■ **Material for this exercise**
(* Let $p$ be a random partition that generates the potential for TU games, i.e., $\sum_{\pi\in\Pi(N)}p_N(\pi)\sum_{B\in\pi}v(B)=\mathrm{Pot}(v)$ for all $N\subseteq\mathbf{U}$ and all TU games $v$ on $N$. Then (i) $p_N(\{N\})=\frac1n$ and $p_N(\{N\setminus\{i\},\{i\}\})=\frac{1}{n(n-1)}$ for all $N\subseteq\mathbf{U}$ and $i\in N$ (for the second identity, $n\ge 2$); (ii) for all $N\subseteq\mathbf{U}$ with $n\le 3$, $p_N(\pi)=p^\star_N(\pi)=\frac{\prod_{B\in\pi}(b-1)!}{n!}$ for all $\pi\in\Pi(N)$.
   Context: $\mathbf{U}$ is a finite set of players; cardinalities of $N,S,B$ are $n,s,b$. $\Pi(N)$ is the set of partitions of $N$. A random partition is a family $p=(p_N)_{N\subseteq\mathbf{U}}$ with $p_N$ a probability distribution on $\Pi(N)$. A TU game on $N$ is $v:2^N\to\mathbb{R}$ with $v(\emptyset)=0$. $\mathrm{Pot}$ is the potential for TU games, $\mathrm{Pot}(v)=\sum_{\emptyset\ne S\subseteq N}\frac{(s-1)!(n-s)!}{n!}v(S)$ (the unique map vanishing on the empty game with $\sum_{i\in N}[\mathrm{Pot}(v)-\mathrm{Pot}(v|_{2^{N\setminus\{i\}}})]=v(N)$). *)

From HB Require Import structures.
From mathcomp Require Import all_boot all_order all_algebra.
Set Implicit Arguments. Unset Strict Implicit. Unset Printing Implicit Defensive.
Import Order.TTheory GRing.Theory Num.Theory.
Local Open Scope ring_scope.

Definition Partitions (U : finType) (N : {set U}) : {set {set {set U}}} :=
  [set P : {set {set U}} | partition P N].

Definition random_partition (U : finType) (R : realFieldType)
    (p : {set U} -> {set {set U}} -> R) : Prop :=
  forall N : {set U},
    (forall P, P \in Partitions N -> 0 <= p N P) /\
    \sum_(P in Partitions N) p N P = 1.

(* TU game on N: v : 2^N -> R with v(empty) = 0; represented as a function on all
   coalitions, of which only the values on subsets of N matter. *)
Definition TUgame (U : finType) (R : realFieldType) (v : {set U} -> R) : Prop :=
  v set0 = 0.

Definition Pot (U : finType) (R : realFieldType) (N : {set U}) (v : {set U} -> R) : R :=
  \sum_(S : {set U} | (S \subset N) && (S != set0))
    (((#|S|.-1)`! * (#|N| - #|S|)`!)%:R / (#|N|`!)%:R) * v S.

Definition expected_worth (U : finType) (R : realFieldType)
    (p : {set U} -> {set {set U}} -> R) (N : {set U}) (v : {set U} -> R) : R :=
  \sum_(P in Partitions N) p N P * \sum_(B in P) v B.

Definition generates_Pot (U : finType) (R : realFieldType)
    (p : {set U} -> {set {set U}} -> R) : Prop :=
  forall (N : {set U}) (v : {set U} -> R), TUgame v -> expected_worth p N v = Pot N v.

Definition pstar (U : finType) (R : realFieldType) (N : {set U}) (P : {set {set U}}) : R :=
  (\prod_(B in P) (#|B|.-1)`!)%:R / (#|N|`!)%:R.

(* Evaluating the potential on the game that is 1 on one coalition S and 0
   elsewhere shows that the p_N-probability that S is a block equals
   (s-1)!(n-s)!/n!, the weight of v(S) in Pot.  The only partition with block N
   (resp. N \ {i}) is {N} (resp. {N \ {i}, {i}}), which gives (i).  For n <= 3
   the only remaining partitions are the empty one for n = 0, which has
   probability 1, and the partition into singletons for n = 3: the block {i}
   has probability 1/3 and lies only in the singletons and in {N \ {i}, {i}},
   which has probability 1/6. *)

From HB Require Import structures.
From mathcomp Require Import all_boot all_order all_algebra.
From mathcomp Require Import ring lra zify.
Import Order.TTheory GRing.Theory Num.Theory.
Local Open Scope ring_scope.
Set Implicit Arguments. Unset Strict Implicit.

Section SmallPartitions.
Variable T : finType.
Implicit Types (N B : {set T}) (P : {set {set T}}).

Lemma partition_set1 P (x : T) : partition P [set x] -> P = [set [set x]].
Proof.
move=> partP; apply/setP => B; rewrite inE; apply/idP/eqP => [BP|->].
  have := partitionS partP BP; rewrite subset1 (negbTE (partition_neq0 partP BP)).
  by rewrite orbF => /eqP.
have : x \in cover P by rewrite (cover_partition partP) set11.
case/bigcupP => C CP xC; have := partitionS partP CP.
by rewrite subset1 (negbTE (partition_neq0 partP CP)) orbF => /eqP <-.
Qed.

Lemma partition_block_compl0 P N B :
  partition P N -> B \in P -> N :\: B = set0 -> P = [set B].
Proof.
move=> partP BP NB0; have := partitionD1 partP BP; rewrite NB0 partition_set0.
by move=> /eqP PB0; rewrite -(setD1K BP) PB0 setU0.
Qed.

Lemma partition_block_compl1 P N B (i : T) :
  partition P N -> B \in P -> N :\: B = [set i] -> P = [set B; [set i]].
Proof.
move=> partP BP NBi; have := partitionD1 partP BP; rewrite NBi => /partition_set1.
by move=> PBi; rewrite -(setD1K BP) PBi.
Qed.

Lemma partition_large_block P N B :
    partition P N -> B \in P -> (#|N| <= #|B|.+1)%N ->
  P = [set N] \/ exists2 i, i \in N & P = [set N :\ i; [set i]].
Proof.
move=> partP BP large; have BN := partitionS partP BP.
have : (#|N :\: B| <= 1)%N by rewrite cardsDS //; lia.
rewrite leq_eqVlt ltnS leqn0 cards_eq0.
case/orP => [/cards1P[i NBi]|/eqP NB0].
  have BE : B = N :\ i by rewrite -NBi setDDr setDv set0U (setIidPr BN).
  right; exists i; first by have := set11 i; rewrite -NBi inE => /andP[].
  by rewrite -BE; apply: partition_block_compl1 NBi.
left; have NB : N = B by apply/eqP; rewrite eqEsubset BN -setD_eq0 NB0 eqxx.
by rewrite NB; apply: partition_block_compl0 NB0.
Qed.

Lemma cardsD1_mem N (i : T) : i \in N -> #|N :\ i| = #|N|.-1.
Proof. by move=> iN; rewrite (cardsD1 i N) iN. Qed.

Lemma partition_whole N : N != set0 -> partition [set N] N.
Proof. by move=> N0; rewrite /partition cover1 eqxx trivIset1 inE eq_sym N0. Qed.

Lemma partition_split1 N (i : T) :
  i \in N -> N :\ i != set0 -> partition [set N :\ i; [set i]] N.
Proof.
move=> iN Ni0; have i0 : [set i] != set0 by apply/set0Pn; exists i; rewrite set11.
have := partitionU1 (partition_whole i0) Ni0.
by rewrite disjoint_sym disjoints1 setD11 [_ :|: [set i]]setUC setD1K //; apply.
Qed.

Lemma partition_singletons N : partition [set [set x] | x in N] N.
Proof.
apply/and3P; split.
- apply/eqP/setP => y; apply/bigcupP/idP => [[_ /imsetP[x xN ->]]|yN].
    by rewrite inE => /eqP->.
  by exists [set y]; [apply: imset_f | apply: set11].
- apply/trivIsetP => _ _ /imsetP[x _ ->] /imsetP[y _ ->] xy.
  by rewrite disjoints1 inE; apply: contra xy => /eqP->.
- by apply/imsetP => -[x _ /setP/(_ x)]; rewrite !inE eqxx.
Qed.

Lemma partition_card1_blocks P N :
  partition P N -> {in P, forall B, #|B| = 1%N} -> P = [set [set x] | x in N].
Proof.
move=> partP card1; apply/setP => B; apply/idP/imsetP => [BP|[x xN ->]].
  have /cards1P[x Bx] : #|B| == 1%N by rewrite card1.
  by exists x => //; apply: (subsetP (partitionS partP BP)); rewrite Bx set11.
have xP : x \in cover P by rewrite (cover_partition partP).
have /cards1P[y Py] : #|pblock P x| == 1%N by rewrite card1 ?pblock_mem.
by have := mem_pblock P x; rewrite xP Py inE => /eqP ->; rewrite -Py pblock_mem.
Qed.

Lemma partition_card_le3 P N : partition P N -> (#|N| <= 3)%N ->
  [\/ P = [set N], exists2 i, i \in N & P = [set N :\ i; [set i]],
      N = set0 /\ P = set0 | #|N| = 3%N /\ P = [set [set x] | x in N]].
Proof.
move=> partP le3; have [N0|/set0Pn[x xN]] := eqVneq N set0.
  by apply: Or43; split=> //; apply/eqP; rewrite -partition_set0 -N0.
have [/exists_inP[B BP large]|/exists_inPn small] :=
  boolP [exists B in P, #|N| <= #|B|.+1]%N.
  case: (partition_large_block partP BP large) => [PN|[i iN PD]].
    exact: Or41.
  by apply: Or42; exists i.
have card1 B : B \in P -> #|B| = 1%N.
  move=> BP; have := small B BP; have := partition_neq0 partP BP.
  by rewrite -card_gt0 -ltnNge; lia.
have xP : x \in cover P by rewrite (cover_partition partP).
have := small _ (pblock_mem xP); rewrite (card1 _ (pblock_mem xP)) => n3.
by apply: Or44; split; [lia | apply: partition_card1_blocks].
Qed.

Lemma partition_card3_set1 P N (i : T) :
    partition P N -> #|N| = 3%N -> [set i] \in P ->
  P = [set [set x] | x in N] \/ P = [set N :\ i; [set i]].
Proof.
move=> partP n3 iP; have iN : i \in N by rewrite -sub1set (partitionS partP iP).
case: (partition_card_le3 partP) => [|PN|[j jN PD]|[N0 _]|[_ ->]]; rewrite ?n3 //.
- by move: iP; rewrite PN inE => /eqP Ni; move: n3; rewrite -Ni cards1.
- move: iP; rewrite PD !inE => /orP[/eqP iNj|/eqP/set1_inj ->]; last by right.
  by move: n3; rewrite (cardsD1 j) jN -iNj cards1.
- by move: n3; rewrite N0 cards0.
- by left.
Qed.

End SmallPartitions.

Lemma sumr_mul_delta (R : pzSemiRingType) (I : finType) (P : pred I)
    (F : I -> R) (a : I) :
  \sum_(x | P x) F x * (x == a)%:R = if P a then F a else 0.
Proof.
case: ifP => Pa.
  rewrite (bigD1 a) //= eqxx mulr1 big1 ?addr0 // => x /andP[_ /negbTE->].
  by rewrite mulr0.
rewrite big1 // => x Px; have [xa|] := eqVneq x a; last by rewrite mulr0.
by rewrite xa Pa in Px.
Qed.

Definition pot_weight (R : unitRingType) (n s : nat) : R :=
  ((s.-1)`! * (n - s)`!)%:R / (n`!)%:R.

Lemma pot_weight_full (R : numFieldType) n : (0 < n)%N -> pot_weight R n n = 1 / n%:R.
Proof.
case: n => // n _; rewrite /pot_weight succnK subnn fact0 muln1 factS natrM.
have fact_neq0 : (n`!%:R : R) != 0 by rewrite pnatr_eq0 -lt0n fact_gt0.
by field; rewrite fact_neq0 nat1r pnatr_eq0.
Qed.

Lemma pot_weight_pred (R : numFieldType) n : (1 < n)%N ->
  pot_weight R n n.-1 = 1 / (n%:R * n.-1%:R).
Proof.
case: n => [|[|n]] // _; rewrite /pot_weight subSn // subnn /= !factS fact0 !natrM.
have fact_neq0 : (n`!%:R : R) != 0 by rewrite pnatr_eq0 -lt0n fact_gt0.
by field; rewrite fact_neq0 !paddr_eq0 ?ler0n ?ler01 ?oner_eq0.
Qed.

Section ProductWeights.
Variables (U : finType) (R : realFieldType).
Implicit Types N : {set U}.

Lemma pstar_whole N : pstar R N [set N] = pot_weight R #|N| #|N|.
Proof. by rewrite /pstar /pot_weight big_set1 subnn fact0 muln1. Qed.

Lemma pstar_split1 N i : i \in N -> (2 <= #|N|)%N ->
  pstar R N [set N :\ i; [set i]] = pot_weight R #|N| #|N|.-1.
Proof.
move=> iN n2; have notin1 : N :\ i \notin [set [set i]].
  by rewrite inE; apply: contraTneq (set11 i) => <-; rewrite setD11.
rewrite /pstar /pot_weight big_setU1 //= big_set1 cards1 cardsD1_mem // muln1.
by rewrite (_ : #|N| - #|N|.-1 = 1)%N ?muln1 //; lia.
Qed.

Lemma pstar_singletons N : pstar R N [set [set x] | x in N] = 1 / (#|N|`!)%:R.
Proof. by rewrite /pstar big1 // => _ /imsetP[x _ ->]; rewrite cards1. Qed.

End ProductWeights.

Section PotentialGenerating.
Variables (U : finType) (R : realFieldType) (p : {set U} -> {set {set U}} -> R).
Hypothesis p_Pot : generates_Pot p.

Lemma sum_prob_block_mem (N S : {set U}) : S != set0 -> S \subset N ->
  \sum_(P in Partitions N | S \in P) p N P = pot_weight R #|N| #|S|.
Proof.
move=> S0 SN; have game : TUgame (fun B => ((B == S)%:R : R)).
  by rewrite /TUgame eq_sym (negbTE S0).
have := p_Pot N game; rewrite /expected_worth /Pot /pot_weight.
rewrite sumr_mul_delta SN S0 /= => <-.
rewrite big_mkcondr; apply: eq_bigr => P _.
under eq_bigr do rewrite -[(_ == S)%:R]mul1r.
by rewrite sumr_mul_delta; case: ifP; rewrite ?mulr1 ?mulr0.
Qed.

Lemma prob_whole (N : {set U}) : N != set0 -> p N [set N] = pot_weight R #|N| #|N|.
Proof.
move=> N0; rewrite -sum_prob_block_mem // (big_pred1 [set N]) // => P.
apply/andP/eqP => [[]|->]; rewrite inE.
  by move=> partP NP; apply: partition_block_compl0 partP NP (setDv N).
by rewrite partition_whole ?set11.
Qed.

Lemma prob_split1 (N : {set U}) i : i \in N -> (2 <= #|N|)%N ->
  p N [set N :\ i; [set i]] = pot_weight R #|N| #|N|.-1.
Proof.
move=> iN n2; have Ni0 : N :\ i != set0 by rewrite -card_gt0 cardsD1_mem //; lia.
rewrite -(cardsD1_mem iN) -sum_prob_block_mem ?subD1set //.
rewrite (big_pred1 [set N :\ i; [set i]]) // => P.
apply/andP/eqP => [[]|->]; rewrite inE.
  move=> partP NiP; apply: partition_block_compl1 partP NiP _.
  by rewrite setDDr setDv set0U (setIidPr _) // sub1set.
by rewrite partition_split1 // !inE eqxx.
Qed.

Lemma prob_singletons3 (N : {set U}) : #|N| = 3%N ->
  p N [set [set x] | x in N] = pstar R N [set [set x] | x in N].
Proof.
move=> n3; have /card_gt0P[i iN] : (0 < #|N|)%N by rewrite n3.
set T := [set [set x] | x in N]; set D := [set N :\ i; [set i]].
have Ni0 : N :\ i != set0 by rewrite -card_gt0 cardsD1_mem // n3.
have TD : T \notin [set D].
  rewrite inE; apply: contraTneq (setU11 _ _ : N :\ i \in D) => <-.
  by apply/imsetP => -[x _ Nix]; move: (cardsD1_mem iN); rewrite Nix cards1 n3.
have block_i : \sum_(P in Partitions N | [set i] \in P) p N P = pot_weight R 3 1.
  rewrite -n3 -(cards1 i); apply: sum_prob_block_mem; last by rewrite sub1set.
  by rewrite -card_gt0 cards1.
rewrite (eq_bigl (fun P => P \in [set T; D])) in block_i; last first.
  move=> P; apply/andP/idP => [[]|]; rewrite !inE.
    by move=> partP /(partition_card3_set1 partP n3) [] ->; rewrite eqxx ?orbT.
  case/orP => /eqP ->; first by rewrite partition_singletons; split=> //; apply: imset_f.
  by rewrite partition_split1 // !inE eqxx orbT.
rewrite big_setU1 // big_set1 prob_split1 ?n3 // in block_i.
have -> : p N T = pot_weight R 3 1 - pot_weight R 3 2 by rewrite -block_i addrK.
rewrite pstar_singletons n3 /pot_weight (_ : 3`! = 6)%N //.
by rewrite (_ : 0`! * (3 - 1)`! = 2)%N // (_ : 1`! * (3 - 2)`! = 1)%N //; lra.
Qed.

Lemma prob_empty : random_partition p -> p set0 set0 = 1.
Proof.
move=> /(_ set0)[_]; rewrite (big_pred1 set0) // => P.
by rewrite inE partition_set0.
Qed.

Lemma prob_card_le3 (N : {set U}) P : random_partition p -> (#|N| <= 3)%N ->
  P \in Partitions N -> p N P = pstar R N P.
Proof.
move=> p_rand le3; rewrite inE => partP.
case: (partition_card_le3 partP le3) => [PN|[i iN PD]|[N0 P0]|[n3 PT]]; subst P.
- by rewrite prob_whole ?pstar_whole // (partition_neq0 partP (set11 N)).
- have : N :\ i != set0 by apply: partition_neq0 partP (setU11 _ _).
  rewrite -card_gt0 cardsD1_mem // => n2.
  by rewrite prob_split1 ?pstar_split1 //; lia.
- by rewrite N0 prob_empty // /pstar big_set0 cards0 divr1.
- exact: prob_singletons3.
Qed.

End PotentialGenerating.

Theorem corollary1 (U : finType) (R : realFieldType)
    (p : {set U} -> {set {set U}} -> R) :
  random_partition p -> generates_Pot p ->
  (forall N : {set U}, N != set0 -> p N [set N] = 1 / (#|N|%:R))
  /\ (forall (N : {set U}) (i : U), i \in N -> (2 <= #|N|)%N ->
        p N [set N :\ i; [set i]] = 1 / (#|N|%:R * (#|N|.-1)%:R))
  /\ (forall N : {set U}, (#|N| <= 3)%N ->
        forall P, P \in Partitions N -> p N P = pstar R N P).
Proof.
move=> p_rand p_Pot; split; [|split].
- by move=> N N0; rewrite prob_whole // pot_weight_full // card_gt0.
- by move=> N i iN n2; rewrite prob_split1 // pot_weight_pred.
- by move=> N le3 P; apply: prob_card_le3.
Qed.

■ **What the exercise asks**
From the material above, copy exactly the lines between the line holding "rewrite big1 //" and the line holding "case: n => //", inclusive, and only those.

■ **Task response**
rewrite big1 // => x Px; have [xa|] := eqVneq x a; last by rewrite mulr0.
by rewrite xa Pa in Px.
Qed.

Definition pot_weight (R : unitRingType) (n s : nat) : R :=
  ((s.-1)`! * (n - s)`!)%:R / (n`!)%:R.

Lemma pot_weight_full (R : numFieldType) n : (0 < n)%N -> pot_weight R n n = 1 / n%:R.
Proof.
case: n => // n _; rewrite /pot_weight succnK subnn fact0 muln1 factS natrM.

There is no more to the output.